* _DATA EXCERPTS_
(* Under the standing assumptions, suppose $\varphi$ is lower semicontinuous on $X$. Let $\rho_k\to\infty$ and $\sigma_k\to 0$ with $\rho_k,\sigma_k>0$. Then for every sequence $\{x_k\}\subset X$ with $x_k\to\bar x$, $$\liminf_{k\to\infty}\varphi_{\rho_k,\sigma_k}(x_k)\ge\varphi(\bar x).$$
   Context: Standing assumptions: $X\subset\mathbb{R}^n$ and $Y\subset\mathbb{R}^m$ are nonempty, convex and compact. $f:X\times Y\to\mathbb{R}$ is continuously differentiable with Lipschitz continuous gradient on $X\times Y$, $f(x,\cdot)$ concave on $Y$. $c=(c_1,\dots,c_p)$ has continuously differentiable components with Lipschitz gradients, each $c_i(x,\cdot)$ convex on $Y$. For every $x\in X$, $\Theta(x):=\{y\in Y: c(x,y)\le 0\}\neq\emptyset$. Notation: $[z]_+=\max\{z,0\}$ componentwise; $\varphi(x):=\max\{f(x,y): y\in\Theta(x)\}$; $\psi_{\rho,\sigma}(x,y):=f(x,y)-\frac{\rho}{2}\|[c(x,y)]_+\|^2-\frac{\sigma}{2}\|y\|^2$; $\varphi_{\rho,\sigma}(x):=\max_{y\in Y}\psi_{\rho,\sigma}(x,y)$. *)

From HB Require Import structures.
From mathcomp Require Import all_boot all_order all_algebra.
From mathcomp Require Import all_classical all_reals all_analysis.
Set Implicit Arguments. Unset Strict Implicit. Unset Printing Implicit Defensive.
Import Order.TTheory GRing.Theory Num.Theory.
Import numFieldNormedType.Exports.
Local Open Scope classical_set_scope.
Local Open Scope ring_scope.

Section Defs.
Variable R : realType.

Definition sqnorm (k : nat) (v : 'rV[R]_k) : R := \sum_(i < k) (v ord0 i) ^+ 2.

Definition sqnorm_pos (k : nat) (v : 'rV[R]_k) : R :=
  \sum_(i < k) (Num.max (v ord0 i) 0) ^+ 2.

Definition concave_on (k : nat) (S : set 'rV[R]_k) (g : 'rV[R]_k -> R) : Prop :=
  forall u v (t : R), S u -> S v -> 0 <= t <= 1 ->
    t * g u + (1 - t) * g v <= g (t *: u + (1 - t) *: v).

Definition convex_on (k : nat) (S : set 'rV[R]_k) (g : 'rV[R]_k -> R) : Prop :=
  forall u v (t : R), S u -> S v -> 0 <= t <= 1 ->
    g (t *: u + (1 - t) *: v) <= t * g u + (1 - t) * g v.

Definition C11_on (V : normedModType R) (S : set V) (F : V -> R) : Prop :=
  (forall p, S p -> differentiable F p) /\
  exists L : R, forall p q, S p -> S q -> forall v : V,
    `|'d F p v - 'd F q v| <= L * `|p - q| * `|v|.

Variables (n m p : nat).
Variables (X : set 'rV[R]_n) (Y : set 'rV[R]_m).
Variable f : 'rV[R]_n -> 'rV[R]_m -> R.
Variable c : 'rV[R]_n -> 'rV[R]_m -> 'rV[R]_p.

Definition Theta (x : 'rV[R]_n) : set 'rV[R]_m :=
  [set y | Y y /\ forall i : 'I_p, c x y ord0 i <= 0].

Definition phi (x : 'rV[R]_n) : R := sup [set f x y | y in Theta x].

Definition psi (rho sigma : R) (x : 'rV[R]_n) (y : 'rV[R]_m) : R :=
  f x y - rho / 2 * sqnorm_pos (c x y) - sigma / 2 * sqnorm y.

Definition phi_rs (rho sigma : R) (x : 'rV[R]_n) : R :=
  sup [set psi rho sigma x y | y in Y].

Definition lsc_on (g : 'rV[R]_n -> R) : Prop :=
  forall x, X x -> forall e : R, 0 < e -> exists2 d : R, 0 < d &
    forall z, X z -> `|z - x| < d -> g x - e < g z.

End Defs.

From HB Require Import structures.
From mathcomp Require Import all_boot all_order all_algebra.
From mathcomp Require Import all_classical all_reals all_analysis.
From mathcomp Require Import lra.
Set Implicit Arguments. Unset Strict Implicit. Unset Printing Implicit Defensive.
Import Order.TTheory GRing.Theory Num.Theory.
Import numFieldNormedType.Exports.
Local Open Scope classical_set_scope.
Local Open Scope ring_scope.

(* A feasible [y] in [Theta x] pays no constraint penalty, so
   [phi_{rho,sigma} x >= f x y - sigma/2 * C], where [C] bounds [|y|^2] on the
   compact [Y]; taking the sup over [Theta x] gives
   [phi_{rho,sigma} x >= phi x - sigma/2 * C] whatever [rho >= 0] is.
   Lower semicontinuity of [phi] at [xbar] and [sigma_k -> 0] then give
   [phi_{rho_k,sigma_k}(x_k) >= phi xbar - e] for all large [k]. *)

Section SquaredNorms.
Variable R : realType.

Lemma entry_le_norm k (v : 'rV[R]_k) i : `|v ord0 i| <= `|v|.
Proof.
have /mapP[j _ ->] : `|v ord0 i| \in [seq `|v x.1 x.2| | x : 'I_1 * 'I_k].
  by apply/mapP; exists (ord0, i) => //=; rewrite mem_enum.
by rewrite [leRHS]/Num.norm /= mx_normrE; apply/bigmax_geP; right; exists j.
Qed.

Lemma sqnorm_ge0 k (v : 'rV[R]_k) : 0 <= sqnorm v.
Proof. by apply: sumr_ge0 => i _; rewrite sqr_ge0. Qed.

Lemma sqnorm_pos_ge0 k (v : 'rV[R]_k) : 0 <= sqnorm_pos v.
Proof. by apply: sumr_ge0 => i _; rewrite sqr_ge0. Qed.

Lemma sqnorm_pos_eq0 k (v : 'rV[R]_k) :
  (forall i, v ord0 i <= 0) -> sqnorm_pos v = 0.
Proof. by move=> v_le0; apply: big1 => i _; rewrite max_r ?v_le0 // expr0n. Qed.

Lemma sqnorm_le k (v : 'rV[R]_k) B : `|v| <= B -> sqnorm v <= k%:R * B ^+ 2.
Proof.
move=> vB; apply: (@le_trans _ _ (\sum_(i < k) B ^+ 2)).
  apply: ler_sum => i _; rewrite -real_normK ?num_real // !expr2.
  by have viB := le_trans (entry_le_norm v i) vB; rewrite ler_pM.
by rewrite sumr_const card_ord mulr_natl.
Qed.

Lemma compact_sqnorm_bounded k (Y : set 'rV[R]_k) :
  compact Y -> exists C, 0 <= C /\ forall y, Y y -> sqnorm y <= C.
Proof.
move=> /compact_bounded[B [_ YB]].
exists (k%:R * (`|B| + 1) ^+ 2); split; first by rewrite mulr_ge0 ?sqr_ge0.
move=> y Yy; apply/sqnorm_le/YB => //.
by rewrite (le_lt_trans (ler_norm _)) ?ltrDl.
Qed.

End SquaredNorms.

Section Analysis.
Variable R : realType.

Lemma C11_on_continuous (V : normedModType R) (S : set V) (F : V -> R) :
  C11_on S F -> {within S, continuous F}.
Proof.
move=> [F_diff _]; apply: continuous_in_subspaceT => z /set_mem Sz.
exact/differentiable_continuous/F_diff.
Qed.

Lemma compact_continuous_ubound (V : normedModType R) (S : set V) (F : V -> R) :
  compact S -> {within S, continuous F} -> exists M, forall z, S z -> F z <= M.
Proof.
move=> cS cF; have /compact_bounded[M [_ FM]] := continuous_compact cF cS.
exists (M + 1) => z Sz; apply: le_trans (ler_norm _) _.
by apply: FM; [rewrite ltrDl | exists z].
Qed.

Lemma lsc_on_cvg n (X : set 'rV[R]_n) (g : 'rV[R]_n -> R) (x : nat -> 'rV[R]_n) xbar :
  lsc_on X g -> (forall k, X (x k)) -> x @ \oo --> xbar -> X xbar ->
  forall e, 0 < e -> \forall k \near \oo, g xbar - e < g (x k).
Proof.
move=> g_lsc Xx x_cvg Xxbar e e0; have [d d0 gd] := g_lsc _ Xxbar _ e0.
have /cvgrPdist_lt /(_ d d0) := x_cvg.
by apply: filterS => k xk; apply: gd => //; rewrite distrC.
Qed.

Lemma le_limn_einf (u : R ^nat) (a : R) :
  (forall e, 0 < e -> \forall k \near \oo, a - e <= u k) ->
  (a%:E <= limn_einf (fun k => (u k)%:E))%E.
Proof.
move=> u_ge; apply/lee_subgt0Pr => e e0.
rewrite limn_einf_lim; apply: lime_ge; first exact: is_cvg_einfs.
have [N _ uN] := u_ge e e0; exists N => // j /= Nj.
apply: le_ereal_inf_tmp => _ [k /= jk <-].
by rewrite -EFinB lee_fin uN //= (leq_trans Nj).
Qed.

End Analysis.

Section PenaltyBound.
Variables (R : realType) (n m p : nat).
Variables (Y : set 'rV[R]_m) (f : 'rV[R]_n -> 'rV[R]_m -> R).
Variable c : 'rV[R]_n -> 'rV[R]_m -> 'rV[R]_p.
Variables (rho sigma : R) (x : 'rV[R]_n).
Hypotheses (rho_ge0 : 0 <= rho) (sigma_ge0 : 0 <= sigma).

Lemma psi_le y : psi f c rho sigma x y <= f x y.
Proof.
rewrite /psi -addrA gerDl -opprD oppr_le0 addr_ge0 // mulr_ge0 ?divr_ge0 //.
  exact: sqnorm_pos_ge0.
exact: sqnorm_ge0.
Qed.

Lemma psi_Theta y :
  Theta Y c x y -> psi f c rho sigma x y = f x y - sigma / 2 * sqnorm y.
Proof. by move=> [_ c_le0]; rewrite /psi sqnorm_pos_eq0 // mulr0 subr0. Qed.

Lemma phi_le_phi_rs M C :
  (forall y, Y y -> f x y <= M) -> (forall y, Y y -> sqnorm y <= C) ->
  Theta Y c x !=set0 ->
  phi Y f c x - sigma / 2 * C <= phi_rs Y f c rho sigma x.
Proof.
move=> fM YC [y0 Theta_y0]; rewrite lerBlDr.
apply: ge_sup; first by exists (f x y0), y0.
move=> _ [y Theta_y <-]; rewrite -lerBlDr.
have psi_sup : has_sup [set psi f c rho sigma x y | y in Y].
  split; first by exists (psi f c rho sigma x y), y; case: Theta_y.
  by exists M => _ [z Yz <-]; apply: le_trans (psi_le z) (fM z Yz).
apply: le_trans (sup_upper_bound psi_sup _); last by exists y; case: Theta_y.
rewrite psi_Theta // lerB // ler_wpM2l ?divr_ge0 //.
by case: Theta_y => Yy _; apply: YC.
Qed.

End PenaltyBound.

Theorem lemma2p3 (R : realType) (n m p : nat)
  (X : set 'rV[R]_n) (Y : set 'rV[R]_m)
  (f : 'rV[R]_n -> 'rV[R]_m -> R) (c : 'rV[R]_n -> 'rV[R]_m -> 'rV[R]_p) :
  X !=set0 -> convex_set X -> compact X ->
  Y !=set0 -> convex_set Y -> compact Y ->
  C11_on (X `*` Y) (fun z : 'rV[R]_n * 'rV[R]_m => f z.1 z.2) ->
  (forall x, X x -> concave_on Y (f x)) ->
  (forall i : 'I_p,
     C11_on (X `*` Y) (fun z : 'rV[R]_n * 'rV[R]_m => c z.1 z.2 ord0 i)) ->
  (forall i : 'I_p, forall x, X x -> convex_on Y (fun y => c x y ord0 i)) ->
  (forall x, X x -> Theta Y c x !=set0) ->
  lsc_on X (phi Y f c) ->
  forall (rho sigma : nat -> R),
    (forall k, 0 < rho k) -> (forall k, 0 < sigma k) ->
    rho @ \oo --> +oo -> sigma @ \oo --> 0 ->
  forall (x : nat -> 'rV[R]_n) (xbar : 'rV[R]_n),
    (forall k, X (x k)) -> x @ \oo --> xbar ->
    ((phi Y f c xbar)%:E <=
       limn_einf (fun k => (phi_rs Y f c (rho k) (sigma k) (x k))%:E))%E.
Proof.
move=> _ _ cX _ _ cY f_C11 _ _ _ Theta_ne0 phi_lsc rho sigma rho_gt0 sigma_gt0
  _ sigma_cvg x xbar Xx x_cvg.
have Xxbar : X xbar.
  apply: (closed_cvg _ (compact_closed (@norm_hausdorff _ _) cX) _ _ x_cvg).
  exact: nearW.
have [M fM] := compact_continuous_ubound (compact_setX cX cY) (C11_on_continuous f_C11).
have [C [C_ge0 YC]] := compact_sqnorm_bounded cY.
apply: le_limn_einf => e e_gt0.
have e2_gt0 : 0 < e / 2 by rewrite divr_gt0.
have penalty_small : \forall k \near \oo, sigma k / 2 * C <= e / 2.
  have sC_cvg : (fun k => sigma k / 2 * C) @ \oo --> 0.
    by rewrite -(mul0r C) -(mul0r 2^-1); do 2 apply: cvgMr_tmp.
  apply: filterS (cvgr0_norm_le _ sC_cvg _ e2_gt0) => k.
  exact: le_trans (ler_norm _).
have phi_near := lsc_on_cvg phi_lsc Xx x_cvg Xxbar e2_gt0.
near=> k.
have phi_xk : phi Y f c xbar - e / 2 < phi Y f c (x k) by near: k.
have small_k : sigma k / 2 * C <= e / 2 by near: k.
have := phi_le_phi_rs (ltW (rho_gt0 k)) (ltW (sigma_gt0 k))
  (fun y Yy => fM (x k, y) (conj (Xx k) Yy)) YC (Theta_ne0 _ (Xx k)).
lra.
Unshelve. all: by end_near.
Qed.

* _DIRECTIONS_
Copy, exactly and only, the lines above that begin with the one containing "have /cvgrPdist_lt /(_ d d0) := x_cvg." and finish with the one containing "(forall x, X x -> concave_on Y (f x)) ->".

* _TASK ANSWER_
have /cvgrPdist_lt /(_ d d0) := x_cvg.
by apply: filterS => k xk; apply: gd => //; rewrite distrC.
Qed.

Lemma le_limn_einf (u : R ^nat) (a : R) :
  (forall e, 0 < e -> \forall k \near \oo, a - e <= u k) ->
  (a%:E <= limn_einf (fun k => (u k)%:E))%E.
Proof.
move=> u_ge; apply/lee_subgt0Pr => e e0.
rewrite limn_einf_lim; apply: lime_ge; first exact: is_cvg_einfs.
have [N _ uN] := u_ge e e0; exists N => // j /= Nj.
apply: le_ereal_inf_tmp => _ [k /= jk <-].
by rewrite -EFinB lee_fin uN //= (leq_trans Nj).
Qed.

End Analysis.

Section PenaltyBound.
Variables (R : realType) (n m p : nat).
Variables (Y : set 'rV[R]_m) (f : 'rV[R]_n -> 'rV[R]_m -> R).
Variable c : 'rV[R]_n -> 'rV[R]_m -> 'rV[R]_p.
Variables (rho sigma : R) (x : 'rV[R]_n).
Hypotheses (rho_ge0 : 0 <= rho) (sigma_ge0 : 0 <= sigma).

Lemma psi_le y : psi f c rho sigma x y <= f x y.
Proof.
rewrite /psi -addrA gerDl -opprD oppr_le0 addr_ge0 // mulr_ge0 ?divr_ge0 //.
  exact: sqnorm_pos_ge0.
exact: sqnorm_ge0.
Qed.

Lemma psi_Theta y :
  Theta Y c x y -> psi f c rho sigma x y = f x y - sigma / 2 * sqnorm y.
Proof. by move=> [_ c_le0]; rewrite /psi sqnorm_pos_eq0 // mulr0 subr0. Qed.

Lemma phi_le_phi_rs M C :
  (forall y, Y y -> f x y <= M) -> (forall y, Y y -> sqnorm y <= C) ->
  Theta Y c x !=set0 ->
  phi Y f c x - sigma / 2 * C <= phi_rs Y f c rho sigma x.
Proof.
move=> fM YC [y0 Theta_y0]; rewrite lerBlDr.
apply: ge_sup; first by exists (f x y0), y0.
move=> _ [y Theta_y <-]; rewrite -lerBlDr.
have psi_sup : has_sup [set psi f c rho sigma x y | y in Y].
  split; first by exists (psi f c rho sigma x y), y; case: Theta_y.
  by exists M => _ [z Yz <-]; apply: le_trans (psi_le z) (fM z Yz).
apply: le_trans (sup_upper_bound psi_sup _); last by exists y; case: Theta_y.
rewrite psi_Theta // lerB // ler_wpM2l ?divr_ge0 //.
by case: Theta_y => Yy _; apply: YC.
Qed.

End PenaltyBound.

Theorem lemma2p3 (R : realType) (n m p : nat)
  (X : set 'rV[R]_n) (Y : set 'rV[R]_m)
  (f : 'rV[R]_n -> 'rV[R]_m -> R) (c : 'rV[R]_n -> 'rV[R]_m -> 'rV[R]_p) :
  X !=set0 -> convex_set X -> compact X ->
  Y !=set0 -> convex_set Y -> compact Y ->
  C11_on (X `*` Y) (fun z : 'rV[R]_n * 'rV[R]_m => f z.1 z.2) ->
  (forall x, X x -> concave_on Y (f x)) ->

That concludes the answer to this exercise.